### What to produce
Go through the data and retrieve each line that includes the string "language".

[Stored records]
- - - - -
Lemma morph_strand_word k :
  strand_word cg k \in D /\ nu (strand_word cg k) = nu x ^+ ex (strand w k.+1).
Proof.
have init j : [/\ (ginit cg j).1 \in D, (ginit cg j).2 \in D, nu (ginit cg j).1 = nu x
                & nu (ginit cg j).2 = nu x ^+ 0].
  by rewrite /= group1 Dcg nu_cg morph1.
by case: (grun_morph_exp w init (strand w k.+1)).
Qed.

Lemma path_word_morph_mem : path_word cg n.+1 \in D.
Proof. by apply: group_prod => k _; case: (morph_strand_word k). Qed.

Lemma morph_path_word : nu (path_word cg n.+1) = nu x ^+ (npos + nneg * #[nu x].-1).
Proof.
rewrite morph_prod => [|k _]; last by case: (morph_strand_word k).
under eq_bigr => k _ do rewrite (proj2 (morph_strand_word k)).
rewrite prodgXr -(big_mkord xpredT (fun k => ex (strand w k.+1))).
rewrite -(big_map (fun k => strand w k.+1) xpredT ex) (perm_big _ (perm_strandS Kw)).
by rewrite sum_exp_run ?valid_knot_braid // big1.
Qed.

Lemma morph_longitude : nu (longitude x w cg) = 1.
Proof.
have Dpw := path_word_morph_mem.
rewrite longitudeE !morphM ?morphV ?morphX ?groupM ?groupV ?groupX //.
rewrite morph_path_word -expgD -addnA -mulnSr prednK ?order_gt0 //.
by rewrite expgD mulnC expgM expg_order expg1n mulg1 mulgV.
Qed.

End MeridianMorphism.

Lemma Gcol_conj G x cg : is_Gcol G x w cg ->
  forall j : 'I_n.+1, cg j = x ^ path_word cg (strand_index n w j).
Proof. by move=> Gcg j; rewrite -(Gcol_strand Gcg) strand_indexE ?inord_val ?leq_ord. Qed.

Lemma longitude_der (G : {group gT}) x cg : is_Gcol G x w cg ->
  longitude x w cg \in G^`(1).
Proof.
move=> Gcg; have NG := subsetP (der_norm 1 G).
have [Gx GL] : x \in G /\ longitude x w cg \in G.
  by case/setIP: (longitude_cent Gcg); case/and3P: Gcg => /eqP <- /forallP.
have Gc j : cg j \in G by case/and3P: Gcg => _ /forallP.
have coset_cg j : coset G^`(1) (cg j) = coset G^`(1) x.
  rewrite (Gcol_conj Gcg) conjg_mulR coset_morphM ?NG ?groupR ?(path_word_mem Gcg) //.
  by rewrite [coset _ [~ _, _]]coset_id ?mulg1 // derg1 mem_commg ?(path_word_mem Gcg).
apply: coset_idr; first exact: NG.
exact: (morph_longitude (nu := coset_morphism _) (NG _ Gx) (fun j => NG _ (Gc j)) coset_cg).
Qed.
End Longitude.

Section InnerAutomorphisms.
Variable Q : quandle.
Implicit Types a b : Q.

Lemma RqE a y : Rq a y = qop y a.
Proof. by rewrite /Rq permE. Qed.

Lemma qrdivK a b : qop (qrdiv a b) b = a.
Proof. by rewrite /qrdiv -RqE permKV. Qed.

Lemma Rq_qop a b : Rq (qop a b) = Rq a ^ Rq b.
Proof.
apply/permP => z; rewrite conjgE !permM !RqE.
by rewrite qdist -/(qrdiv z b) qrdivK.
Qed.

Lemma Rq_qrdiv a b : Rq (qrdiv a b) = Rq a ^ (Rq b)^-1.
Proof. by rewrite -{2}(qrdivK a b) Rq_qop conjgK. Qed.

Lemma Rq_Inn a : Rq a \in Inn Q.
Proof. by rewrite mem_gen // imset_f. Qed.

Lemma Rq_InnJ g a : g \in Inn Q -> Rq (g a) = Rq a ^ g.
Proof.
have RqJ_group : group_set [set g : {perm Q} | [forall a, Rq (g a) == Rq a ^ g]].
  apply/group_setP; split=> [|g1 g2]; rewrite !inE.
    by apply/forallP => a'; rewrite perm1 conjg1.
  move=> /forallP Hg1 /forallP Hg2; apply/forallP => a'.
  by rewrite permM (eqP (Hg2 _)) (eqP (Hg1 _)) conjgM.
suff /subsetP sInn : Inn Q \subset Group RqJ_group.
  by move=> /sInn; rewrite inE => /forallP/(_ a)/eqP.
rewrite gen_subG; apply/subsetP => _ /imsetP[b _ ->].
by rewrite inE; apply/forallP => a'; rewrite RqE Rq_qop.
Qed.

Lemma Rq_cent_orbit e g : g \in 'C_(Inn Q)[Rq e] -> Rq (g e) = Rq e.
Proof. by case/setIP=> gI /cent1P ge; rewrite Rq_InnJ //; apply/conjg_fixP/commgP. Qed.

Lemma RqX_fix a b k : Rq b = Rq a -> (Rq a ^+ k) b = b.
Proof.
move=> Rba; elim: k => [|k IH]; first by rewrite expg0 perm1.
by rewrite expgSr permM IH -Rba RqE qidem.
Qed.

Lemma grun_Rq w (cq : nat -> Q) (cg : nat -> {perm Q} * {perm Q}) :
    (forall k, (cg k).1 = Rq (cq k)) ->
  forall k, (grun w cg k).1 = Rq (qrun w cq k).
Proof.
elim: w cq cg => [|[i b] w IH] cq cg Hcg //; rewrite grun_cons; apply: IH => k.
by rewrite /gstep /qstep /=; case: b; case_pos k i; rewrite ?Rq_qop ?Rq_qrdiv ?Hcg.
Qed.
- - - - -
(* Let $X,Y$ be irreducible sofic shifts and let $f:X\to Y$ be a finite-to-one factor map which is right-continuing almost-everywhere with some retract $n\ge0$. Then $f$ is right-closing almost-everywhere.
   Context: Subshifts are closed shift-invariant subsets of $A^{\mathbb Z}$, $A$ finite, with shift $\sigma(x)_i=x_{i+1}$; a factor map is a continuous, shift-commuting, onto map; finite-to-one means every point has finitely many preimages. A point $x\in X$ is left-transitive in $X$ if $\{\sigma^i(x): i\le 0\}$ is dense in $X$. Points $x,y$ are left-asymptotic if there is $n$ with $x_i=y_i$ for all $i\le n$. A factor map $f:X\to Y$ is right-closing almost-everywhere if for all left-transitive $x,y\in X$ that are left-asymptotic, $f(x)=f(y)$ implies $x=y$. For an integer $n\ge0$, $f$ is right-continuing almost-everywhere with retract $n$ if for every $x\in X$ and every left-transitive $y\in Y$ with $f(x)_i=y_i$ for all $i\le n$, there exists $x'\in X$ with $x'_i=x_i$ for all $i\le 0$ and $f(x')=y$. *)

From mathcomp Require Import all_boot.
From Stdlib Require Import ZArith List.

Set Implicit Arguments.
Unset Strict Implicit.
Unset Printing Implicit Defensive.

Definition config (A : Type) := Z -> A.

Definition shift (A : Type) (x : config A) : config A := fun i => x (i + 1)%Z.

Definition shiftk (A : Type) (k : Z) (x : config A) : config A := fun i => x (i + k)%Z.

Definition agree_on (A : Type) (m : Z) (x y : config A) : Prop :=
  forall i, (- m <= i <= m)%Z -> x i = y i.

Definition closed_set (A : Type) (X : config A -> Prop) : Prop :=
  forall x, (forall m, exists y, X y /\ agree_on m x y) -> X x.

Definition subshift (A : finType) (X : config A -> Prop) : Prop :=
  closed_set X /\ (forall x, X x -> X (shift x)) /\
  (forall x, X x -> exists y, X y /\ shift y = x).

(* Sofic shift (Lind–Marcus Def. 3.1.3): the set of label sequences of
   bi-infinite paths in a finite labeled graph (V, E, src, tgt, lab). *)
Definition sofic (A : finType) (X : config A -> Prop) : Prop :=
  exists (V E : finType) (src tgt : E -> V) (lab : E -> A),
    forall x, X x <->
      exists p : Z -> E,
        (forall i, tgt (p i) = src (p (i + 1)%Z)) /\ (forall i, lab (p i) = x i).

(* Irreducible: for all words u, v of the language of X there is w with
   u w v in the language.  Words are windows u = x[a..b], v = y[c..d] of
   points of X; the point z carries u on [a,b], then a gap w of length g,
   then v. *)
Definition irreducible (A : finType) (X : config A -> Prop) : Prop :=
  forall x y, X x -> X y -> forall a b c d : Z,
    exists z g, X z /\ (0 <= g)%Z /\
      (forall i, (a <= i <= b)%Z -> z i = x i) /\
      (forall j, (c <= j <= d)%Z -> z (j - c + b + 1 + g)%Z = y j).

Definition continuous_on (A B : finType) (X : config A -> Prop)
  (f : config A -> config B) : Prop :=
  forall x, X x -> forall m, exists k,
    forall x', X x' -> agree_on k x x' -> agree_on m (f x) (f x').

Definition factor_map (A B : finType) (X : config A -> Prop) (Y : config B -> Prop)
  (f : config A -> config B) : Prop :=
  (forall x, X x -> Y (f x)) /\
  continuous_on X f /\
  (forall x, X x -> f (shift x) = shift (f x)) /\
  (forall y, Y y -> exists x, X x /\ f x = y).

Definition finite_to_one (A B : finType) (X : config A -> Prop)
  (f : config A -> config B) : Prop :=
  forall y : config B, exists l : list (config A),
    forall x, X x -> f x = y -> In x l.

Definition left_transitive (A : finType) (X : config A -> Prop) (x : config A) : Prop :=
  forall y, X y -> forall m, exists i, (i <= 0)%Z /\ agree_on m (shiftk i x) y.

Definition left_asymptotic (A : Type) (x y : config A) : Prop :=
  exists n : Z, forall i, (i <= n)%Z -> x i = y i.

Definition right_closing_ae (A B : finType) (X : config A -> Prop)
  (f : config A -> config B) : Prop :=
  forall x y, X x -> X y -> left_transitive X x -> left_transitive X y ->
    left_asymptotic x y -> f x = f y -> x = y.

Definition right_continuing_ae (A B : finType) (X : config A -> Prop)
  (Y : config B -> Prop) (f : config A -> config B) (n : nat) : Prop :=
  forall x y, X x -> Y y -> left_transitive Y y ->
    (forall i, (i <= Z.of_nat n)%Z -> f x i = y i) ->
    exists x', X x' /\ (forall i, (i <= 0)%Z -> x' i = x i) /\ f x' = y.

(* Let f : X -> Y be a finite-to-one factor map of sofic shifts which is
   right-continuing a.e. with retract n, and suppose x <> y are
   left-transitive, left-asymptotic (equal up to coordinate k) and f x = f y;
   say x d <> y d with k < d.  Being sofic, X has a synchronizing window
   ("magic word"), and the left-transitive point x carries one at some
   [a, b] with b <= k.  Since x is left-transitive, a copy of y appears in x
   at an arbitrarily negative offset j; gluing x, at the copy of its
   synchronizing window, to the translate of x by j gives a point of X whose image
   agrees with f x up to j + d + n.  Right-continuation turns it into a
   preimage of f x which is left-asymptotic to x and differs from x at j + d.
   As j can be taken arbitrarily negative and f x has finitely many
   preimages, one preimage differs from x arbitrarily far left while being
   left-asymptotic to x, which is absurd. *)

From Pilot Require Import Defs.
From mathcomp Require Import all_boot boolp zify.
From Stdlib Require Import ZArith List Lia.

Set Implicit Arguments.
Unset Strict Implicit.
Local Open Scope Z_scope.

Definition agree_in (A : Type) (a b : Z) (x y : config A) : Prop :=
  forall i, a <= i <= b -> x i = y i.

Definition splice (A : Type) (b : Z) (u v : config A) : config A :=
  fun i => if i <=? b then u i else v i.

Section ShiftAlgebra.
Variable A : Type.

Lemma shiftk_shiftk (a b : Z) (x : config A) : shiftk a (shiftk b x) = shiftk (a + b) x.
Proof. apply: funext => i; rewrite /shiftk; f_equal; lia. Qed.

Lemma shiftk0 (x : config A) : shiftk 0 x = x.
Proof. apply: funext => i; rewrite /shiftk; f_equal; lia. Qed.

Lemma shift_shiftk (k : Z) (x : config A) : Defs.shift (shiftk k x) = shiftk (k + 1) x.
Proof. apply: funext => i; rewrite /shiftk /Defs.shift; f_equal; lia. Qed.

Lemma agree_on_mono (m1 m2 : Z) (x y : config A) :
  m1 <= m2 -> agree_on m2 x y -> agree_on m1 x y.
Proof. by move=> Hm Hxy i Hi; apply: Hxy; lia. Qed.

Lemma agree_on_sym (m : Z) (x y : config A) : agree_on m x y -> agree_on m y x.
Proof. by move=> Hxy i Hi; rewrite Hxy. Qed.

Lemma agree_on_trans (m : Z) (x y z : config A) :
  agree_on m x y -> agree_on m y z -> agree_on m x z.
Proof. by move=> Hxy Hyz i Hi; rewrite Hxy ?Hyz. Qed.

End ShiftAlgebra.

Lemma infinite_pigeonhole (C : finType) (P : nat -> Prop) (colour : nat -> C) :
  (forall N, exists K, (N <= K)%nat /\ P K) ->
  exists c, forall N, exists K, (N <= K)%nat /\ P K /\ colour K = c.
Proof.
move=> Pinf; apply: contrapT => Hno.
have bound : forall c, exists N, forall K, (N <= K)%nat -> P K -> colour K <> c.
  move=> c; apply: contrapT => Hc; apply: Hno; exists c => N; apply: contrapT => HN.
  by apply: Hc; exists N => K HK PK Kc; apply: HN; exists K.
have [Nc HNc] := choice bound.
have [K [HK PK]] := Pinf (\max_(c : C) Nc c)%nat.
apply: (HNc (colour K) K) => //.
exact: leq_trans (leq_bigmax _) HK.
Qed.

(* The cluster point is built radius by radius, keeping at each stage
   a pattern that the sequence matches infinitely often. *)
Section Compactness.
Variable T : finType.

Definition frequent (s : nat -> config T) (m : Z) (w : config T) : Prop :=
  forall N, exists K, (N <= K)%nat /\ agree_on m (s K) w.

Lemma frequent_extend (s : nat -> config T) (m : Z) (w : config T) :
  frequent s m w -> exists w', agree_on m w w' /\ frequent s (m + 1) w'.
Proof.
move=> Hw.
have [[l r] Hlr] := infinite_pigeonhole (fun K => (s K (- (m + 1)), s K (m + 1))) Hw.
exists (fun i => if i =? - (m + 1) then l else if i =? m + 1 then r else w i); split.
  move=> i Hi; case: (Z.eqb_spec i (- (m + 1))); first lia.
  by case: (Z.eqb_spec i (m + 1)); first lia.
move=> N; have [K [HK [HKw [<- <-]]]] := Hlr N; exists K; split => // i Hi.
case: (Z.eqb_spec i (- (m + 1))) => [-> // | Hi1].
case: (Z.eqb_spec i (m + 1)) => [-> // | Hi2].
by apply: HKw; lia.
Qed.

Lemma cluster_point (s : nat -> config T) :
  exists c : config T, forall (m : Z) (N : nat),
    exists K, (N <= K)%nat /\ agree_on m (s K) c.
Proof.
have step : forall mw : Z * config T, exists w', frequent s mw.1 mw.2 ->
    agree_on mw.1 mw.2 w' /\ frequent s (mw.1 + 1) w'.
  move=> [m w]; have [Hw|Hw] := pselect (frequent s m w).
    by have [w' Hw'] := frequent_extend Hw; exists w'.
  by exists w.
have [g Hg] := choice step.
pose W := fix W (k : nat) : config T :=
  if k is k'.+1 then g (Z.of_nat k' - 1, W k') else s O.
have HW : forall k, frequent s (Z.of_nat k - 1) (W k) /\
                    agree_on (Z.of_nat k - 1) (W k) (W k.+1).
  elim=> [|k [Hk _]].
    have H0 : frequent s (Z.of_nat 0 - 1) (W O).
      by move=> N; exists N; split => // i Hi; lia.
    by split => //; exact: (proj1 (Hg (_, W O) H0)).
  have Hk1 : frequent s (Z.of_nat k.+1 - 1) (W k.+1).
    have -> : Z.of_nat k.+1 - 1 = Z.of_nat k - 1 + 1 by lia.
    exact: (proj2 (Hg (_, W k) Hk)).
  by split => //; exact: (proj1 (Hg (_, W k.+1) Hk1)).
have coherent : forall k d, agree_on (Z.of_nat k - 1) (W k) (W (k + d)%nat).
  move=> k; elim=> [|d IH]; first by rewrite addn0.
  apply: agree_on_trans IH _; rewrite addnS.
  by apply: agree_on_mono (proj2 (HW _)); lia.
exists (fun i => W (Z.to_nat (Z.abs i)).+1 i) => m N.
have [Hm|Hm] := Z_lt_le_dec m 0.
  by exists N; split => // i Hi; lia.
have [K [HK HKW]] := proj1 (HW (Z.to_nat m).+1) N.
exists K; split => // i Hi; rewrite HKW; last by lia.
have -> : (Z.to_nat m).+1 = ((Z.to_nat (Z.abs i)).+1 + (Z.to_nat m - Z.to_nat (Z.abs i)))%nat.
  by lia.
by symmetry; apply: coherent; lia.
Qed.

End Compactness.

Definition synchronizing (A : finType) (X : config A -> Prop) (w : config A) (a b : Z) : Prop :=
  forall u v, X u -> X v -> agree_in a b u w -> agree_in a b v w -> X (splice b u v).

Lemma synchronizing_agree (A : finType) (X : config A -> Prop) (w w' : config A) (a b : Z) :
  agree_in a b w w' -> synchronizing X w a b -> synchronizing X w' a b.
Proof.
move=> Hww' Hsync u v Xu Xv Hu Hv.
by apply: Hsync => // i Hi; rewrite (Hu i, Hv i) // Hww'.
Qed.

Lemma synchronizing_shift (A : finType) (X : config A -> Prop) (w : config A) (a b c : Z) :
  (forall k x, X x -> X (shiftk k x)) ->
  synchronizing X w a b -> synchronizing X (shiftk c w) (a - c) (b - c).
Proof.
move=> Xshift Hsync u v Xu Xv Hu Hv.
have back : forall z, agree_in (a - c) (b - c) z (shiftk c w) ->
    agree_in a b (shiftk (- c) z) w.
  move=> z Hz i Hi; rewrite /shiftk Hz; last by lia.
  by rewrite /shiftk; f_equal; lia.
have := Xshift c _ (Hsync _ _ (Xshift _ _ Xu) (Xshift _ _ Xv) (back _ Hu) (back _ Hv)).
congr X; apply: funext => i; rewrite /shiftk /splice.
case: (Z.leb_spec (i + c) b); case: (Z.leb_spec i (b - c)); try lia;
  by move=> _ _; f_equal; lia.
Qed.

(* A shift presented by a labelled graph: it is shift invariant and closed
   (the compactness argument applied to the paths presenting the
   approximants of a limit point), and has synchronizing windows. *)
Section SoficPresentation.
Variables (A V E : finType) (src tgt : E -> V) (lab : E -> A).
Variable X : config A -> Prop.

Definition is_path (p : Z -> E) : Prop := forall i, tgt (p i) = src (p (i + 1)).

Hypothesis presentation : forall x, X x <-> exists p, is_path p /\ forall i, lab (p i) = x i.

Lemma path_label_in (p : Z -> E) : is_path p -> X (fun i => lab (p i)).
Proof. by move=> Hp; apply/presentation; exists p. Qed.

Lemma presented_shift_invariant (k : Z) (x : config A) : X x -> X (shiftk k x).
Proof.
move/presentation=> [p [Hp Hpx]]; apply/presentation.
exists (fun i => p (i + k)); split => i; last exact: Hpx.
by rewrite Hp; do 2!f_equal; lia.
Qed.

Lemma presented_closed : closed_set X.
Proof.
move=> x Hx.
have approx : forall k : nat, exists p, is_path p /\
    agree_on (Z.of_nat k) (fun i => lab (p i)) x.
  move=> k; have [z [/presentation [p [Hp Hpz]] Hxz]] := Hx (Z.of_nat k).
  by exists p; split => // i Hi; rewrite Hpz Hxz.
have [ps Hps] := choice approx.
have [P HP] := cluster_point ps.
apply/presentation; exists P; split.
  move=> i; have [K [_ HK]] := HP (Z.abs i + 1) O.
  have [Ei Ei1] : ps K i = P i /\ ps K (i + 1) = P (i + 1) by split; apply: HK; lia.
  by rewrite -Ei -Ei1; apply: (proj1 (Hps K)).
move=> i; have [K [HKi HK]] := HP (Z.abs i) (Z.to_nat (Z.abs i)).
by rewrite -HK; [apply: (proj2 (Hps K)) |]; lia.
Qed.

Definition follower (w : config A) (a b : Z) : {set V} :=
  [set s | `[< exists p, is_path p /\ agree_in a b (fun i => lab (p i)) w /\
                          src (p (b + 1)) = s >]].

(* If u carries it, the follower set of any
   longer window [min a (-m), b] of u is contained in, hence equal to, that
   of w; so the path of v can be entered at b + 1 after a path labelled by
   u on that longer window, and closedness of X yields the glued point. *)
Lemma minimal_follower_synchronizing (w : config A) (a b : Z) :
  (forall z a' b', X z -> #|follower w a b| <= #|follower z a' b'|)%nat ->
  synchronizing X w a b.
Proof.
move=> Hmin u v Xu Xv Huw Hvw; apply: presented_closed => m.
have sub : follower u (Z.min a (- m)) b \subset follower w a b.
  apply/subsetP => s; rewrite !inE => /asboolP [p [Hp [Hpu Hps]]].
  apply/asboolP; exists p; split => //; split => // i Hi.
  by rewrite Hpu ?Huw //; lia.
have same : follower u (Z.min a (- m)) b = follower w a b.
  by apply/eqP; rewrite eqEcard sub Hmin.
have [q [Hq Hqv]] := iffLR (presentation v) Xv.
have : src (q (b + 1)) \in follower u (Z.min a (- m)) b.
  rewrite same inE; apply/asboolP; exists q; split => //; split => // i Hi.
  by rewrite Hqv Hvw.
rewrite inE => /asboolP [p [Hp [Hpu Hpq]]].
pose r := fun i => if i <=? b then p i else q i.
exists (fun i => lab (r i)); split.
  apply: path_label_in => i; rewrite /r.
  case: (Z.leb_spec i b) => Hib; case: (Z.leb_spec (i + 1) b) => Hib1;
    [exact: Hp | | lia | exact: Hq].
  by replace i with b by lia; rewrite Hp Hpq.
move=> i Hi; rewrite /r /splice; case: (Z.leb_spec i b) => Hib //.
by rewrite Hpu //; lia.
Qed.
- - - - -
### Output for this task
(* Irreducible: for all words u, v of the language of X there is w with
   u w v in the language.  Words are windows u = x[a..b], v = y[c..d] of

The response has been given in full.